Турризмунд бросается к Софронии.

— Так ты Софрония? О, моя мать!

— Вы знаете этого юношу, Софрония? — спрашивает император.

Женщина склоняет бледное лицо.

— Если это Турризмунд, я сама его вырастила, — говорит она еле слышно.

Турризмунд вскакивает в седло, кричит:

— Больше вы меня не увидите, я совершил несказанный грех кровосмешения! — И пускает коня направо, к лесу.

Агилульф тоже пришпоривает коня прочь.

— Меня вы тоже не увидите! У меня нет больше имени! Прощайте! — Он углубляется в лес по левую руку.

Все исполнены смятения. Софрония закрывает лицо руками.

Справа слышится топот копыт. Турризмунд во весь опор мчится назад из лесу. Он кричит:

— Как так? Ведь она до недавнего часа была девственна! Как я сразу об этом не подумал? Она была девственница и не может быть мне матерью!

— Соблаговолите объяснить, — говорит Карл.

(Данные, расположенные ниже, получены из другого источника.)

Lemma in_sphere3_norm3 x : in_sphere3 x <-> norm3 (x 0%nat) (x 1%nat) (x 2%nat) = 1.
Proof.
  unfold in_sphere3.
  replace (qnorm2 x) with (Quat (norm3 (x 0%nat) (x 1%nat) (x 2%nat)) 0 0 0)
    by (unfold qnorm2, qsum3, norm3; quat_ring).
  split; intro H.
  - injection H; auto.
  - rewrite H; reflexivity.
Qed.

Lemma rform_le_scaled a b c M :
  (forall u v w, norm3 u v w = 1 -> rform a b c u v w <= M) ->
  forall u v w, rform a b c u v w <= M * norm3 u v w.
Proof.
  intros Hsph u v w.
  pose proof (qabs2_nonneg u); pose proof (qabs2_nonneg v); pose proof (qabs2_nonneg w).
  destruct (Req_dec (norm3 u v w) 0) as [Z | Z].
  - unfold norm3 in Z.
    rewrite (qabs2_eq0 u), (qabs2_eq0 v), (qabs2_eq0 w) by lra.
    replace (rform a b c qzero qzero qzero) with 0 by real_ring.
    replace (norm3 qzero qzero qzero) with 0 by real_ring. lra.
  - assert (Hpos : 0 < norm3 u v w) by (unfold norm3 in *; lra).
    set (s := / sqrt (norm3 u v w)).
    assert (Hs : s * s * norm3 u v w = 1).
    { unfold s. pose proof (sqrt_lt_R0 _ Hpos).
      rewrite <- (sqrt_sqrt (norm3 u v w)) at 3 by lra. field; lra. }
    specialize (Hsph (qscale s u) (qscale s v) (qscale s w)).
    replace (norm3 (qscale s u) (qscale s v) (qscale s w)) with (s * s * norm3 u v w)
      in Hsph by real_ring.
    replace (rform a b c (qscale s u) (qscale s v) (qscale s w))
      with (s * s * rform a b c u v w) in Hsph by real_ring.
    specialize (Hsph Hs).
    replace (rform a b c u v w) with (norm3 u v w * (s * s * rform a b c u v w))
      by (transitivity ((s * s * norm3 u v w) * rform a b c u v w); [ring | rewrite Hs; ring]).
    rewrite (Rmult_comm M). apply Rmult_le_compat_l; lra.
Qed.

(* If t L + t^2 K >= 0 for every real t, then L = 0 (take t small of sign -L). *)
Lemma linear_coeff_zero L K : (forall t, 0 <= t * L + t * t * K) -> L = 0.
Proof.
  intro H. destruct (Req_dec L 0) as [| HL]; [assumption | exfalso].
  set (k := Rabs K + 1).
  assert (Hk : 0 < k) by (unfold k; pose proof (Rabs_pos K); lra).
  assert (HKk : K <= k) by (unfold k; pose proof (Rle_abs K); lra).
  set (t := - L / (2 * k)).
  assert (Ht : t * k = - L / 2) by (unfold t; field; lra).
  specialize (H t).
  assert (t * t * K <= t * t * k) by (apply Rmult_le_compat_l; nra).
  assert (0 < L * L) by nra.
  nra.
Qed.

(* Coordinates of 2M y - H y for H = A + A^*; the gradient of M|x|^2 - f at y. *)
Definition resid_u (a b : quat) M (u v w : quat) : quat :=
  qadd (qscale (2 * M) u) (qscale (-1) (qadd (qmul a v) (qmul b w))).
Definition resid_v (a c : quat) M (u v w : quat) : quat :=
  qadd (qscale (2 * M) v) (qscale (-1) (qadd (qmul (qconj a) u) (qmul c w))).
Definition resid_w (b c : quat) M (u v w : quat) : quat :=
  qadd (qscale (2 * M) w) (qscale (-1) (qadd (qmul (qconj b) u) (qmul (qconj c) v))).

— В действительности Турризмунд мне не сын, а брат, единоутробный, — ответствует Софрония. — Шотландская королева, наша мать, когда отец уже больше года был на войне, произвела его на свет после случайной встречи… кажется, со Священным орденом рыцарей Грааля. Когда король известил о своем возвращении, эта коварная тварь (я поневоле должна отзываться так о своей матери) послала меня погулять с братиком, а сама велела завести нас в дебри и бросить. А для моего отца, который должен был вот-вот прибыть, она сплела чудовищный обман: сказала, будто я, тринадцатилетняя девочка, бежала, чтобы произвести на свет незаконного ребенка. Удерживаемая ложным почтением к родителям, я никогда не выдавала материнской тайны. Годы, что я прожила с младенцем братом в вересковых пустошах, были самыми счастливыми и свободными в моей жизни, особенно по сравнению с проведенными в монастыре, куда меня заточили герцоги Корнуэльские. До сегодняшнего утра я не знала мужчины, хоть дожила до тридцати трех лет, и первая же встреча, увы, оказалась кровосмесительной…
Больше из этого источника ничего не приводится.